**GOAL OF THE EXERCISE**.
All lines holding the word "have" in the listing below need to be copied.

**SUPPLIED ENTRIES**.

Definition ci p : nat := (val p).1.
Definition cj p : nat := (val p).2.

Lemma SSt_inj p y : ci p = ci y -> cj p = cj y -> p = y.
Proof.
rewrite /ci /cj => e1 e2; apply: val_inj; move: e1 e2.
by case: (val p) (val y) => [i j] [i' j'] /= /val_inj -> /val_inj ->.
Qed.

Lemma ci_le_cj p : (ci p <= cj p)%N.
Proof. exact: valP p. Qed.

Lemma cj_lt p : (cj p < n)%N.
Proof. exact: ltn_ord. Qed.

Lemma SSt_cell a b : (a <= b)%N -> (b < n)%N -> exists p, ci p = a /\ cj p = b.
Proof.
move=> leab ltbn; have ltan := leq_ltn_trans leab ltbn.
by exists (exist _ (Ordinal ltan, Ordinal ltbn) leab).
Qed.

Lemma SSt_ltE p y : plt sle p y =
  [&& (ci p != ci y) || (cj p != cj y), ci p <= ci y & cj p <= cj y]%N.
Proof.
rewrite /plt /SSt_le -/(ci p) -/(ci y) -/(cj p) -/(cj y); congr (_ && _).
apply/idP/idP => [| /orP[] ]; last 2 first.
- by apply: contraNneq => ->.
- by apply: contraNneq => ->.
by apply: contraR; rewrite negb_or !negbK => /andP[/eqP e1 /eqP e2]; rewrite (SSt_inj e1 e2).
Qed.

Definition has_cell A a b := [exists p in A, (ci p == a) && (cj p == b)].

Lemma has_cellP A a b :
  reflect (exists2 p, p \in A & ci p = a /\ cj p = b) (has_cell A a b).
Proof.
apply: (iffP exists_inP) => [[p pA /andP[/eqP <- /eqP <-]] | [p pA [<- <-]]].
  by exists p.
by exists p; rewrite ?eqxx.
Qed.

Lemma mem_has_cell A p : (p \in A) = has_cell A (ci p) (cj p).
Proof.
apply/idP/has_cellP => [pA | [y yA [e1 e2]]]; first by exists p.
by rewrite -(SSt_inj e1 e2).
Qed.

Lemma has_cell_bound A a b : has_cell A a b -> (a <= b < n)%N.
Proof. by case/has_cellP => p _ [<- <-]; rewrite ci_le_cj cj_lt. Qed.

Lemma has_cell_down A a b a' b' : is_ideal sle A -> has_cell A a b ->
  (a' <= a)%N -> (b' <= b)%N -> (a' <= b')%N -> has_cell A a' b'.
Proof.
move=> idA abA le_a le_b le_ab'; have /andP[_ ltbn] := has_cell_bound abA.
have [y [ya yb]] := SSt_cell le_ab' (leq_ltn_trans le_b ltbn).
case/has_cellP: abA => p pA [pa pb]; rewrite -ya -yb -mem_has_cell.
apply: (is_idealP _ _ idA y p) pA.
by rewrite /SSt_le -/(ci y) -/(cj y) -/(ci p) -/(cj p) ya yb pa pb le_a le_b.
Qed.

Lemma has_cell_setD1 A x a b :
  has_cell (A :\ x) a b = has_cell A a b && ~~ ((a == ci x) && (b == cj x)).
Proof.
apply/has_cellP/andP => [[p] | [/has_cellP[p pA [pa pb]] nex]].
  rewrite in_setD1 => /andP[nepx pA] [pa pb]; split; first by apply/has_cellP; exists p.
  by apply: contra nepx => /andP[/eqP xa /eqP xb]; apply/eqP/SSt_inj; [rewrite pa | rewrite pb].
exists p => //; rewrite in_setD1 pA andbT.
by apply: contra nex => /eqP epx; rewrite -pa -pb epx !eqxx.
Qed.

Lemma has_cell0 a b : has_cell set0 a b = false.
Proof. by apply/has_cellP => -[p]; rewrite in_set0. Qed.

**COMPLETED EXERCISE**.
move=> leab ltbn; have ltan := leq_ltn_trans leab ltbn.
move=> idA abA le_a le_b le_ab'; have /andP[_ ltbn] := has_cell_bound abA.
have [y [ya yb]] := SSt_cell le_ab' (leq_ltn_trans le_b ltbn).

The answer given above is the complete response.